Attorney General William P. Barr speaks July 16 at the Gerald R. Ford Presidential Museum in Grand Rapids, Mich. (Nicole Hester/AP)
U.S. Attorney General William P. Barr delivered a China policy speech at the Gerald Ford Museum in Michigan State on July 16 — one of a series of recent speeches by ranking Trump administration officials regarding China.
Before this one, U.S. State Secretary Mike Pompeo, National Security Adviser Robert C. O’Brien and FBI Director Christopher Wray had already given mobilization speeches on China policy.
Barr accused American tech giants and Hollywood of kowtowing to the Communist Party of China for short-term benefits.
“Hollywood now regularly censors its own movies to appease the Chinese Communist Party,” he said. “Many Hollywood films … have been altered one way or another to please the CCP.” He characterized it as “kowtowing” to the People’s Republic of China. The China-related speeches of other ranking Trump administration officials are rife with similar remarks.

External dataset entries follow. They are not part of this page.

(* Let $G$ be a finite group and $H\leqslant G$ a subgroup. If $g_2(H)\geq N$, then $g_2(G)\geq N$.
   Context: For a finite group $G$ and positive integer $N$, $r_N(G)$ is the minimum number of generators among subgroups of $G$ of index at most $N$, and $g_k(G)=\max\{N : |G|\geq N \text{ and } r_N(G)\geq k\}$. *)

From mathcomp Require Import all_boot all_fingroup.
Set Implicit Arguments. Unset Strict Implicit. Unset Printing Implicit Defensive.
Local Open Scope group_scope.

Definition ngens (gT : finGroupType) (K : {set gT}) : nat :=
  \big[minn/#|K|]_(A : {set gT} | (A \subset K) && (<<A>> == K)) #|A|.

(* r_N(G): minimum of d(K) over subgroups K of G with |G:K| <= N.
   (The default d(G) is only relevant for N = 0, never used.) *)
Definition rN (gT : finGroupType) (N : nat) (G : {set gT}) : nat :=
  \big[minn/ngens G]_(K : {group gT} | (K \subset G) && (#|G : K| <= N)) ngens K.

(* g_k(G) = max { N >= 1 : N <= |G| and r_N(G) >= k }, with value 0 if
   this set is empty. *)
Definition gk (gT : finGroupType) (k : nat) (G : {set gT}) : nat :=
  \max_(1 <= M < #|G|.+1 | k <= rN M G) M.

From mathcomp Require Import all_boot all_fingroup all_solvable.

Set Implicit Arguments.
Unset Strict Implicit.
Unset Printing Implicit Defensive.

(* A group needs at least two generators exactly when it is not cyclic, so
   [2 <= r_N(G)] says that no subgroup of index at most [N] in [G] is cyclic.
   This property passes from a subgroup [H] to [G]: if [K] has index at most
   [N] in [G], then [H :&: K] has index at most [N] in [H], hence is not
   cyclic, and neither is the larger group [K]. Since moreover [|H| <= |G|],
   every [N] counted in [g_2(H)] is counted in [g_2(G)]. *)

Lemma bigminn_leq (I : finType) (P : pred I) (F : I -> nat) x j :
  P j -> \big[minn/x]_(i | P i) F i <= F j.
Proof.
move=> Pj; have: j \in index_enum I by rewrite mem_index_enum.
elim: (index_enum I) => //= a r IHr; rewrite inE big_cons.
case/orP=> [/eqP<- | /IHr le_r_Fj]; first by rewrite Pj geq_minl.
by case: (P a); rewrite // geq_min le_r_Fj orbT.
Qed.

Lemma leq_bigminn (I : finType) (P : pred I) (F : I -> nat) x k :
  k <= x -> (forall i, P i -> k <= F i) -> k <= \big[minn/x]_(i | P i) F i.
Proof.
move=> le_kx le_kF; apply: (big_ind (leq k)) => // a b ka kb.
by rewrite leq_min ka kb.
Qed.

Local Open Scope group_scope.

Lemma leq_indexSg (gT : finGroupType) (G H K : {set gT}) :
  H \subset G -> #|H : K| <= #|G : K|.
Proof. by move=> sHG; apply/subset_leq_card/imsetS. Qed.

Lemma ngens_le1 (gT : finGroupType) (K : {group gT}) :
  (ngens K <= 1) = cyclic K.
Proof.
apply/idP/idP=> [le_ngens1 | /cyclicP[x defK]].
  apply: contraLR le_ngens1 => ncycK; rewrite -ltnNge.
  apply: leq_bigminn => [|A /andP[_ /eqP genA]].
    by rewrite ltnNge; apply: contra ncycK => /card_le1_trivg->; apply: cyclic1.
  rewrite ltnNge; apply: contra ncycK => A_le1.
  rewrite -genA; have [-> | [a Aa]] := set_0Vmem A; first by rewrite gen0 cyclic1.
  have -> : A = [set a] by apply/eqP; rewrite eq_sym eqEcard sub1set Aa cards1.
  exact: cycle_cyclic.
rewrite -(cards1 x); apply: bigminn_leq.
by rewrite defK sub1set cycle_id eqxx.
Qed.

Lemma rN_gt1 (gT : finGroupType) (G : {group gT}) M : 0 < M ->
  1 < rN M G <->
  (forall K : {group gT}, K \subset G -> #|G : K| <= M -> ~~ cyclic K).
Proof.
have ncyc_ngens (K : {group gT}) : (~~ cyclic K) = (1 < ngens K).
  by rewrite -ngens_le1 ltnNge.
move=> M_gt0; split=> [rNG_gt1 K sKG le_KM | ncycG].
  rewrite ncyc_ngens; apply: leq_trans rNG_gt1 _.
  by apply: bigminn_leq; rewrite sKG le_KM.
apply: leq_bigminn => [|K /andP[sKG le_KM]]; rewrite -ncyc_ngens.
  by apply: ncycG; rewrite ?indexgg.
exact: ncycG.
Qed.

Lemma rN_gt1_subgroup (gT : finGroupType) (G H : {group gT}) M :
  H \subset G -> 0 < M -> 1 < rN M H -> 1 < rN M G.
Proof.
move=> sHG M_gt0 /(rN_gt1 H M_gt0) ncycH; apply/(rN_gt1 G M_gt0) => K _ le_KM.
apply: contra (ncycH (H :&: K)%G (subsetIl H K) _); first exact/cyclicS/subsetIr.
by rewrite indexgI (leq_trans (leq_indexSg K sHG)).
Qed.

Theorem mainTheorem15 (gT : finGroupType) (G H : {group gT}) (N : nat) :
  H \subset G -> N <= gk 2 H -> N <= gk 2 G.
Proof.
move=> sHG /leq_trans; apply; apply/bigmax_leqP_seq => M.
rewrite mem_index_iota => /andP[M_gt0 le_M_H] rNH_gt1.
apply: leq_bigmax_seq; last exact: rN_gt1_subgroup rNH_gt1.
by rewrite mem_index_iota M_gt0 (leq_trans le_M_H) // ltnS subset_leq_card.
Qed.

A series of recent U.S. statements and actions regarding China have revealed one fact: The ghost of McCarthyism is again haunting the U.S.
American writer Mark Twain once said, “History doesn’t repeat itself, but it does rhyme.” Compare today’s U.S. with the country in the 1940s and 1950s: It feels like time travel. At the end of the 1940s, the curtain had just lifted on the Cold War between the U.S. and the Soviet Union. The U.S. was entering a second “red scare” stage and anti-communist thinking was all the rage in the the country.
The House Un-American Activities Committee (HUAC), which was established in 1938 to investigate “fascist and communist” sabotage, turned from a special investigating committee into one of House permanent committees, continuing to seek out “un-American” activities. Since the committee believed communism had infiltrated Hollywood, in the eight years starting from May 1947, it carried out political inquiries of the movie industry. A large number of playwrights, directors and actors were blacklisted and suffered political persecution. American screenwriter and novelist Dalton Trumbo, who created such movie classics as “Roman Holiday,” “The Brave One,” “Exodus” and “Spartacus” — along with nine others, known as the Hollywood Ten — was charged with contempt of Congress for refusing to testify during a congressional hearing and was subsequently imprisoned, igniting a public uproar.
The striking similarities of historical incidents didn’t stop there. On Feb. 9, 1950, Republican Senator Joseph McCarthy of Wisconsin delivered a hallmark speech in Wheeling, West Virginia, claiming he had a roster of 205 communists who had infiltrated the U.S. State Department.
The speech turned McCarthy into a red-hot anti-communist star. In the congressional midterm election in the second half of 1950, McCarthy traveled to 15 states to make 30 inflammatory anti-communist speeches. An “ism” was coined to capture McCarthy’s message, and the U.S. entered its McCarthy moment.
At the height of McCarthyism, the U.S. Congress passed the Internal Security Act of 1950, also known as the Subversive Activities Control Act of 1950” or the McCarran Act. It stipulated that communist organizations must register with the U.S. attorney general, that Communist Party members were prohibited from becoming U.S. citizens, that visas may not be issued for Communist Party members and that Communist Party members and any individuals affiliated with “authoritarian organizations” were prohibited from immigrating to the U.S. When President Henry Truman vetoed the act, he was overridden by both chambers of Congress and it became law.
It was later repealed, but now the Trump administration has taken back the script of 70 years ago and is replaying it. The successive China-bashing speeches by high officials within the administration are comparable to those of McCarthy. According to American media reports, the Trump administration is drafting a presidential order that will prevent members of the Communist Party and their families from entering the U.S., and may authorize corresponding government agencies to nullify visas already issued to those already in the U.S.. Such moves and ideas can indeed be traced to the Internal Security Act of 1950.
The current McCarthy moment is defined here as a moment is because it was short-lived in American history. The ghost of McCarthyism, however, has lingered. In accepting the Laurel Award for Screenwriting Achievement from the Writers Guild of America in 1970s, Trumbo provided a fitting footnote to today’s McCarthy moment: “The blacklist was a time of evil. … No one on either side who survived it came through untouched … It will do no good to search for villains or heroes or saints or devils because there were none; there were only victims.”
America now has one foot in a new McCarthy moment. The world is waiting to see where its other foot will fall.